A server with databases holding the phone numbers and identity numbers of perhaps as many as 200 million Facebook users in the U.S., the U.K. and other countries has been found open on the Internet by a security researcher.
No one knows who the database belongs to, how or when it was copied from Facebook, according to TechCrunch, which first reported the discovery Wednesday.
A total of 413 million records are in the databases, but according to news reports, roughly half of them are duplicates.
TechCrunch quoted Facebook spokesperson Jay Nancarrow as saying the data had been scraped before Facebook cut off public access to user phone numbers over a year ago. Until then users could search the social media site for phone numbers.
“This data set is old and appears to have information obtained before we made changes last year to remove people’s ability to find others using their phone numbers,” Nancarrow said. “The data set has been taken down and we have seen no evidence that Facebook accounts were compromised.”

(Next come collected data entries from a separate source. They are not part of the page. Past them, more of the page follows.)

(* Let $b\ge 2$ and $m\ge 0$ be integers. Consider the following nondeterministic procedure. Set $\mathcal U_1=[0,1)^2$. For $n=1,2,\ldots$: if $\mathcal U_n=\emptyset$, stop; otherwise choose an arbitrary box $X_n=\prod_{j=1}^2\left[\frac{u_j(n)}{b^m},\frac{u_j(n)+1}{b^m}\right)\subseteq \mathcal U_n$ with $u_j(n)\in\{0,1,\ldots,b^m-1\}$, and set $\mathcal U_{n+1}=\mathcal U_n\setminus\bigcup_{E\in\mathcal E_m(X_n)}E$. If a run of this procedure stops after exactly $b^m$ boxes $X_1,\ldots,X_{b^m}$ have been chosen, then these boxes constitute a $(0,m,2)$-net in base $b$, i.e., every elementary $b$-adic interval of volume $b^{-m}$ in $[0,1)^2$ contains exactly one of $X_1,\ldots,X_{b^m}$ (equivalently, for any choice of points $\boldsymbol x_n\in X_n$, the set $\{\boldsymbol x_1,\ldots,\boldsymbol x_{b^m}\}$ is a $(0,m,2)$-net in base $b$).
   Context: An elementary $b$-adic interval in $[0,1)^s$ is a set $\prod_{j=1}^s\left[\frac{a_j}{b^{d_j}},\frac{a_j+1}{b^{d_j}}\right)$ with $d_j\in\mathbb N_0$ and $a_j\in\{0,1,\ldots,b^{d_j}-1\}$; its volume is $b^{-(d_1+\cdots+d_s)}$. For a box $X=\prod_{j=1}^s\left[\frac{u_j}{b^m},\frac{u_j+1}{b^m}\right)$, $\mathcal E_m(X)$ denotes the set of all elementary $b$-adic intervals of volume $b^{-m}$ that contain $X$ as a subset. For integers $0\le t\le m$, a $b^m$-element point set $\mathcal P$ in $[0,1)^s$ is a $(t,m,s)$-net in base $b$ if every elementary $b$-adic interval of volume $b^{t-m}$ contains exactly $b^t$ points of $\mathcal P$. *)

From mathcomp Require Import all_boot all_order all_algebra.
From mathcomp Require Import boolp classical_sets reals.
Unset Printing Implicit Defensive.
Import Order.TTheory GRing.Theory Num.Theory.
Local Open Scope classical_set_scope.
Local Open Scope ring_scope.

Definition badic (R : realType) (b d a : nat) : set R :=
  [set x | a%:R / (b ^ d)%:R <= x /\ x < a.+1%:R / (b ^ d)%:R].

Definition bbox (R : realType) (b d1 d2 a1 a2 : nat) : set (R * R) :=
  [set p | badic R b d1 a1 p.1 /\ badic R b d2 a2 p.2].

Definition is_elem (R : realType) (b k : nat) (E : set (R * R)) : Prop :=
  exists d1 d2 a1 a2 : nat,
    [/\ (d1 + d2 = k)%N, (a1 < b ^ d1)%N, (a2 < b ^ d2)%N & E = bbox R b d1 d2 a1 a2].

Definition cell (R : realType) (b m : nat) (u : nat * nat) : set (R * R) :=
  bbox R b m m u.1 u.2.

Definition union_Em (R : realType) (b m : nat) (X : set (R * R)) : set (R * R) :=
  [set p | exists E, [/\ is_elem R b m E, X `<=` E & E p]].

Definition unit_square (R : realType) : set (R * R) :=
  [set p | (0 <= p.1 /\ p.1 < 1) /\ (0 <= p.2 /\ p.2 < 1)].

(* U R b m u n = U_{n+1} of the procedure, where box X_{k+1} = cell (u k) (0-based) *)
Fixpoint Useq (R : realType) (b m : nat) (u : nat -> nat * nat) (n : nat)
  : set (R * R) :=
  match n with
  | 0%N => unit_square R
  | n'.+1 => Useq R b m u n' `\` union_Em R b m (cell R b m (u n'))
  end.

Definition is_net (R : realType) (b t m N : nat) (x : 'I_N -> R * R) : Prop :=
  [/\ (t <= m)%N, N = (b ^ m)%N, (forall i, unit_square R (x i)) &
     forall E, is_elem R b (m - t) E ->
       #|[set i : 'I_N | `[< E (x i) >]]| = (b ^ t)%N].

From mathcomp Require Import all_boot all_order all_algebra.
From mathcomp Require Import boolp classical_sets reals.
From mathcomp Require Import zify.
Import Order.TTheory GRing.Theory Num.Theory.
Local Open Scope classical_set_scope.
Local Open Scope ring_scope.

(* Since X_n lies in U_n, no box chosen later can lie in an elementary
   interval of volume b^-m containing an earlier box: distinct boxes never
   share such an interval.  For a fixed shape (d1, d2) with d1 + d2 = m, the
   interval of that shape containing X_n is read off from the digits of u(n),
   so this is an injection of the b^m boxes into the b^d1 * b^d2 = b^m
   intervals of that shape, hence a bijection. *)

Section NatFractions.
Variable R : realType.

Lemma ltr_divn (p q M : nat) : (0 < M)%N ->
  (p%:R / M%:R < q%:R / M%:R :> R) = (p < q)%N.
Proof. by move=> M_gt0; rewrite ltr_pM2r ?invr_gt0 ?ltr0n // ltr_nat. Qed.

Lemma ler_divn (p q M : nat) : (0 < M)%N ->
  (p%:R / M%:R <= q%:R / M%:R :> R) = (p <= q)%N.
Proof. by move=> M_gt0; rewrite ler_pM2r ?invr_gt0 ?ltr0n // ler_nat. Qed.

Lemma divn_scale (a D B : nat) : (0 < B)%N ->
  a%:R / D%:R = (a * B)%:R / (D * B)%:R :> R.
Proof.
move=> B_gt0; have B_neq0 : B%:R != 0 :> R by rewrite pnatr_eq0 -lt0n.
by rewrite !natrM -mulf_div divff // mulr1.
Qed.

End NatFractions.

Section Cells.
Context {R : realType} {b m : nat}.
Hypothesis b_ge2 : (2 <= b)%N.

Lemma expb_gt0 (d : nat) : (0 < b ^ d)%N.
Proof. by rewrite expn_gt0; lia. Qed.

Lemma badic_coarsen {d u a : nat} {x : R} : (d <= m)%N -> badic R b m u x ->
  badic R b d a x <-> a = (u %/ b ^ (m - d))%N.
Proof.
move=> le_dm [ux_ge ux_lt].
have B_gt0 := expb_gt0 (m - d).
have M_gt0 := expb_gt0 m.
have bmE : (b ^ m = b ^ d * b ^ (m - d))%N by rewrite -expnD subnKC.
rewrite /badic /= (divn_scale R a _ _ B_gt0) (divn_scale R a.+1 _ _ B_gt0) -bmE.
split=> [[ax_ge ax_lt] | ->].
- have lo : (a * b ^ (m - d) < u.+1)%N.
    by rewrite -(ltr_divn R _ _ _ M_gt0); apply: le_lt_trans ax_ge ux_lt.
  have hi : (u < a.+1 * b ^ (m - d))%N.
    by rewrite -(ltr_divn R _ _ _ M_gt0); apply: le_lt_trans ux_ge ax_lt.
  have : (a <= u %/ b ^ (m - d))%N by rewrite leq_divRL //; lia.
  have : (u %/ b ^ (m - d) < a.+1)%N by rewrite ltn_divLR.
  lia.
- split; first by apply: le_trans ux_ge; rewrite ler_divn // leq_divM.
  by apply: lt_le_trans ux_lt _; rewrite ler_divn // ltn_ceil.
Qed.

Lemma cell_corner (v : nat * nat) :
  cell R b m v (v.1%:R / (b ^ m)%:R, v.2%:R / (b ^ m)%:R).
Proof. by split; split=> //=; rewrite ltr_divn ?expb_gt0. Qed.

Lemma cell_sub_bbox (d1 d2 : nat) (v : nat * nat) :
  (d1 <= m)%N -> (d2 <= m)%N ->
  cell R b m v `<=` bbox R b d1 d2 (v.1 %/ b ^ (m - d1)) (v.2 %/ b ^ (m - d2)).
Proof.
move=> le1 le2 p [p1 p2].
by split; [exact/(badic_coarsen le1 p1) | exact/(badic_coarsen le2 p2)].
Qed.

Lemma elem_cellP {E : set (R * R)} {v : nat * nat} {p : R * R} :
  is_elem R b m E -> cell R b m v p -> E p <-> cell R b m v `<=` E.
Proof.
move=> [d1 [d2 [a1 [a2 [dE _ _ ->]]]]] [p1 p2].
have le1 : (d1 <= m)%N by lia.
have le2 : (d2 <= m)%N by lia.
split=> [[e1 e2] q [q1 q2] | /(_ p)]; last by apply; split.
by split; [apply/(badic_coarsen le1 q1)/(badic_coarsen le1 p1) |
           apply/(badic_coarsen le2 q2)/(badic_coarsen le2 p2)].
Qed.

Lemma cell_sub_unit_square {v : nat * nat} :
  (v.1 < b ^ m)%N -> (v.2 < b ^ m)%N -> cell R b m v `<=` unit_square R.
Proof.
have M_gt0 := expb_gt0 m.
move=> v1_lt v2_lt p [[p1_ge p1_lt] [p2_ge p2_lt]].
split; split.
- by apply: le_trans p1_ge; rewrite divr_ge0.
- by apply: lt_le_trans p1_lt _; rewrite ler_pdivrMr ?ltr0n // mul1r ler_nat.
- by apply: le_trans p2_ge; rewrite divr_ge0.
- by apply: lt_le_trans p2_lt _; rewrite ler_pdivrMr ?ltr0n // mul1r ler_nat.
Qed.

Lemma Useq_antitone {u : nat -> nat * nat} {k n : nat} :
  (k <= n)%N -> Useq R b m u n `<=` Useq R b m u k.
Proof.
move=> /subnKC <-; elim: (n - k)%N => [|j IH]; first by rewrite addn0.
by rewrite addnS => p [/IH].
Qed.

End Cells.

Section Run.
Context {R : realType} {b m : nat} {u : nat -> nat * nat}.
Hypothesis b_ge2 : (2 <= b)%N.
Hypothesis run : forall n, (n < b ^ m)%N ->
  [/\ ((u n).1 < b ^ m)%N, ((u n).2 < b ^ m)%N &
      cell R b m (u n) `<=` Useq R b m u n].

Lemma run_later_cell_notin {E : set (R * R)} {k l : nat} : is_elem R b m E ->
  (k < l)%N -> (l < b ^ m)%N ->
  cell R b m (u k) `<=` E -> ~ cell R b m (u l) `<=` E.
Proof.
move=> hE lt_kl l_lt ukE ulE.
have corner := cell_corner (R:=R) (m:=m) b_ge2 (u l).
have [_ _ /(_ _ corner) inU] := run _ l_lt.
have [_ notin_k] := Useq_antitone lt_kl _ inU.
by apply: notin_k; exists E; split=> //; apply: ulE.
Qed.

Lemma run_cell_unique {E : set (R * R)} {n n' : nat} : is_elem R b m E ->
  (n < b ^ m)%N -> (n' < b ^ m)%N ->
  cell R b m (u n) `<=` E -> cell R b m (u n') `<=` E -> n = n'.
Proof.
move=> hE n_lt n'_lt unE un'E.
case: (ltngtP n n') => // [lt_nn' | lt_n'n].
- by case: (run_later_cell_notin hE lt_nn' n'_lt unE).
- by case: (run_later_cell_notin hE lt_n'n n_lt un'E).
Qed.

Lemma run_cell_exists {E : set (R * R)} : is_elem R b m E ->
  exists2 n, (n < b ^ m)%N & cell R b m (u n) `<=` E.
Proof.
move=> [d1 [d2 [a1 [a2 [dE a1_lt a2_lt ->]]]]].
have bmE : (b ^ m = b ^ d1 * b ^ d2)%N by rewrite -expnD dE.
have [le1 le2] : (d1 <= m)%N /\ (d2 <= m)%N by lia.
have [d1E d2E] : (m - d1 = d2)%N /\ (m - d2 = d1)%N by lia.
have digits_lt (n : 'I_(b ^ m)) :
    ((u n).1 %/ b ^ (m - d1) < b ^ d1)%N /\ ((u n).2 %/ b ^ (m - d2) < b ^ d2)%N.
  have [lt1 lt2 _] := run _ (ltn_ord n).
  by rewrite d1E d2E !ltn_divLR ?expb_gt0 // -bmE mulnC -bmE.
pose f n : 'I_(b ^ d1) * 'I_(b ^ d2) :=
  (Ordinal (proj1 (digits_lt n)), Ordinal (proj2 (digits_lt n))).
have f_bbox (n : 'I_(b ^ m)) : cell R b m (u n) `<=` bbox R b d1 d2 (f n).1 (f n).2.
  exact: cell_sub_bbox.
have f_inj : injective f.
  move=> n n' fE; apply: val_inj.
  apply: (run_cell_unique _ (ltn_ord n) (ltn_ord n') (f_bbox n)).
    by exists d1, d2, (f n).1, (f n).2; split.
  by rewrite fE; apply: f_bbox.
have := inj_card_onto f_inj _ (Ordinal a1_lt, Ordinal a2_lt).
rewrite card_prod !card_ord -bmE leqnn => /(_ isT) /codomP [n fnE].
exists (val n); first exact: ltn_ord.
by have := f_bbox n; rewrite -fnE.
Qed.

Lemma run_cell_exists_unique {E : set (R * R)} : is_elem R b m E ->
  exists! n, (n < b ^ m)%N /\ cell R b m (u n) `<=` E.
Proof.
move=> hE; have [n n_lt unE] := run_cell_exists hE.
exists n; split=> // n' [n'_lt un'E].
exact: run_cell_unique hE n_lt n'_lt unE un'E.
Qed.

End Run.

Theorem mainTheorem3 (R : realType) (b m : nat) (hb : (2 <= b)%N)
  (u : nat -> nat * nat) :
  (forall n, (n < b ^ m)%N ->
     [/\ ((u n).1 < b ^ m)%N, ((u n).2 < b ^ m)%N &
         cell R b m (u n) `<=` Useq R b m u n]) ->
  Useq R b m u (b ^ m) = set0 ->
  (forall E, is_elem R b m E ->
     exists! n, (n < b ^ m)%N /\ cell R b m (u n) `<=` E) /\
  (forall x : 'I_(b ^ m) -> R * R,
     (forall i : 'I_(b ^ m), cell R b m (u i) (x i)) ->
     is_net R b 0 m (b ^ m) x).
Proof.
(* Having chosen b^m boxes already forces the net property. *)
move=> run _.
have unique_cell E := @run_cell_exists_unique R b m u hb run E.
split=> // x x_cell; split=> [//|//|i|E].
  have [lt1 lt2 _] := run _ (ltn_ord i).
  exact: (cell_sub_unit_square hb lt1 lt2 _ (x_cell i)).
rewrite subn0 expn0 => hE.
have [n [[n_lt unE] n_uniq]] := unique_cell E hE.
rewrite (@eq_card _ _ (pred1 (Ordinal n_lt))) ?card1 // => i.
apply/idP/idP => [/set_mem/asboolP xiE | /eqP ->].
  apply/eqP/val_inj/esym/n_uniq; split; first exact: ltn_ord.
  exact/(elem_cellP hb hE (x_cell i)).
by apply/mem_set/asboolP/(elem_cellP hb hE (x_cell _)).
Qed.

However, TechCrunch noted that in the hands of a threat actors a phone number could be used at least for spam calls, and at worst for SIM-swapping attacks, where a cell carrier is tricked switching the phone number of a user to another device.
Each record in the databases contained a user’s unique Facebook ID and the phone number listed on the account. A user’s Facebook ID is typically a long, unique and public number associated with their account. TechCrunch said it can easily be used to discern an account’s username. Some of the records also had the user’s name, gender and location by country.
TechCruch said this is a typical page found in the database:
Sanyam Jain, a security researcher and member of the GDI Foundation, found the database and contacted TechCrunch after he was unable to find the owner. The news site also couldn’t find the owner but was able to identify the web host, who pulled the server offline.